Data section: Begin

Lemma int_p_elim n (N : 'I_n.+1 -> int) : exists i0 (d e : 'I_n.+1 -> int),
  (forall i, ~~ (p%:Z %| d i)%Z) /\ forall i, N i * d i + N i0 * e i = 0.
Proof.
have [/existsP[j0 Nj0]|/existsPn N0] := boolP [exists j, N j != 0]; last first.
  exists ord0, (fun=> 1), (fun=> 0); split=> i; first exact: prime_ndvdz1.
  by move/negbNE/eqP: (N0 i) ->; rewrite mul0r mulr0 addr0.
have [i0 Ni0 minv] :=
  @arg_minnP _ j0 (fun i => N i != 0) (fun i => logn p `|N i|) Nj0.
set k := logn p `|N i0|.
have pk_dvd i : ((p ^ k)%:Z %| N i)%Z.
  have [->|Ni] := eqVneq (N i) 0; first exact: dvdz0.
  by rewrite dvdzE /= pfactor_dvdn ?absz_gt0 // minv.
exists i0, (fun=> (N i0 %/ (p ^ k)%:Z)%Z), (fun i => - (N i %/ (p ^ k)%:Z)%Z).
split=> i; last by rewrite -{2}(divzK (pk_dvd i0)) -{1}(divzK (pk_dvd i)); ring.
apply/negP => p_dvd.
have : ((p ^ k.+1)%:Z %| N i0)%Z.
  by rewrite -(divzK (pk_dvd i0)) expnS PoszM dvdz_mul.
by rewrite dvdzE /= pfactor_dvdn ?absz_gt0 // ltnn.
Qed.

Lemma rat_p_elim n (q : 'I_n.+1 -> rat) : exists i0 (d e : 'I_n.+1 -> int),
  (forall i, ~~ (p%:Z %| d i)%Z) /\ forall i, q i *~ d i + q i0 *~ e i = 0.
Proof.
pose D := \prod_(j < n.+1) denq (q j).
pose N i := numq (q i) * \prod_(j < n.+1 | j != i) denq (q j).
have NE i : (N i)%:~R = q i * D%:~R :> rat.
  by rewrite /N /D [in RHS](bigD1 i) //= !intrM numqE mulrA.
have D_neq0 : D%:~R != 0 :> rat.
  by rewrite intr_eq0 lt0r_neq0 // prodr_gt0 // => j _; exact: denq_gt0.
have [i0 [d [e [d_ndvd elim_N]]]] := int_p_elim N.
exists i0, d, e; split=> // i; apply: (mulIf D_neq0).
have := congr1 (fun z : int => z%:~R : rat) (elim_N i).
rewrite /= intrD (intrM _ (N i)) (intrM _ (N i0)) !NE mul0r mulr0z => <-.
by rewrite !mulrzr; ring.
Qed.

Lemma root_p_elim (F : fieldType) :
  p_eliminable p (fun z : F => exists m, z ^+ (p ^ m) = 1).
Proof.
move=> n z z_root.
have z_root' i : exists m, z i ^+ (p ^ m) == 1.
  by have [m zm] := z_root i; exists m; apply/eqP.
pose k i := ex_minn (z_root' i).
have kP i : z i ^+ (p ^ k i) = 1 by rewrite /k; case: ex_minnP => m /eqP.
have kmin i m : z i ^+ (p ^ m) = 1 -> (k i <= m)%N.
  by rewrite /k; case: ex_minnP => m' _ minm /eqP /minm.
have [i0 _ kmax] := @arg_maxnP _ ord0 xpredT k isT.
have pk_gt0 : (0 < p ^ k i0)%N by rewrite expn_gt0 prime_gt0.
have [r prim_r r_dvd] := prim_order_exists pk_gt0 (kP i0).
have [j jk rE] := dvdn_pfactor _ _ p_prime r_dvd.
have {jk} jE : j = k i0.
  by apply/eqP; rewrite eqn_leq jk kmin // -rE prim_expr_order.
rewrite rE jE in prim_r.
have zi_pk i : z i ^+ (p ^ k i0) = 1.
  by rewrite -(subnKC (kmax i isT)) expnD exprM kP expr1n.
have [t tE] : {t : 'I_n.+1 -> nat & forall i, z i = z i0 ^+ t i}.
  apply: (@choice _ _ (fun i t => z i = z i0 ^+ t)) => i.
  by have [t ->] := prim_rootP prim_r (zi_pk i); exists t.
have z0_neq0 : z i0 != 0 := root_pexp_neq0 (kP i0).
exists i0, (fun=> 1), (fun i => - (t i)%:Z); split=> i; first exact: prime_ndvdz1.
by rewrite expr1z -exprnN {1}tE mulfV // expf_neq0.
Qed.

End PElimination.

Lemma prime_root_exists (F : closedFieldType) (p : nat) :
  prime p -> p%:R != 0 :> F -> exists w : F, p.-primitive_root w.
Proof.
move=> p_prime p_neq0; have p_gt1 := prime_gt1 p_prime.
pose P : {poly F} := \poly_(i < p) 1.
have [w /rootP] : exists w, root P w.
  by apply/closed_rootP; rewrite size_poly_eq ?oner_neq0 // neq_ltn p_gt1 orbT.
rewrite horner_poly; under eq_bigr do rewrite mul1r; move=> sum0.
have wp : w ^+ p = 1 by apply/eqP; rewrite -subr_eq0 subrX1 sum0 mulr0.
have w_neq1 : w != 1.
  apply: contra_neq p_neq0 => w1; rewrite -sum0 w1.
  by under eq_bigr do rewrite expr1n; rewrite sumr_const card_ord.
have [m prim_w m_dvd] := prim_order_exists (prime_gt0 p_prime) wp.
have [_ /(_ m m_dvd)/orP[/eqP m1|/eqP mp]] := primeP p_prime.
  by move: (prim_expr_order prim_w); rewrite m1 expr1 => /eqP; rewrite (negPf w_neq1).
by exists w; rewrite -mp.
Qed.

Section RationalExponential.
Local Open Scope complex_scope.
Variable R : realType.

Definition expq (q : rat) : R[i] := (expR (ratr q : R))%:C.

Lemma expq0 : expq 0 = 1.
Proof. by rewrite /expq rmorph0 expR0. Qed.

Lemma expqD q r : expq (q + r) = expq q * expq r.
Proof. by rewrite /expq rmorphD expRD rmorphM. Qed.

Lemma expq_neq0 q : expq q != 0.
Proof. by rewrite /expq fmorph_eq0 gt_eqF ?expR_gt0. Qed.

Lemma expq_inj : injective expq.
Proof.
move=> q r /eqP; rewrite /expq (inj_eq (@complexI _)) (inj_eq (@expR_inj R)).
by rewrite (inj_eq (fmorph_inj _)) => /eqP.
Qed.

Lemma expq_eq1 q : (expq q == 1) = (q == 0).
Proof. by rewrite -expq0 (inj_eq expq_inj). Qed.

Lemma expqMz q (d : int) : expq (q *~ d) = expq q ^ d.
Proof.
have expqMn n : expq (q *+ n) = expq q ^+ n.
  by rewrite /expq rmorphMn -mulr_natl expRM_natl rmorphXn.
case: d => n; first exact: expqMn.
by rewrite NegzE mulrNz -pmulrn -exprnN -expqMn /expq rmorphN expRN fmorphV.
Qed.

Data section: End

▶ To do
Only the lines holding the word "pose" belong in the answer; copy them from the listing above.

▶ Output of the exercise
pose D := \prod_(j < n.+1) denq (q j).
pose N i := numq (q i) * \prod_(j < n.+1 | j != i) denq (q j).
pose k i := ex_minn (z_root' i).
pose P : {poly F} := \poly_(i < p) 1.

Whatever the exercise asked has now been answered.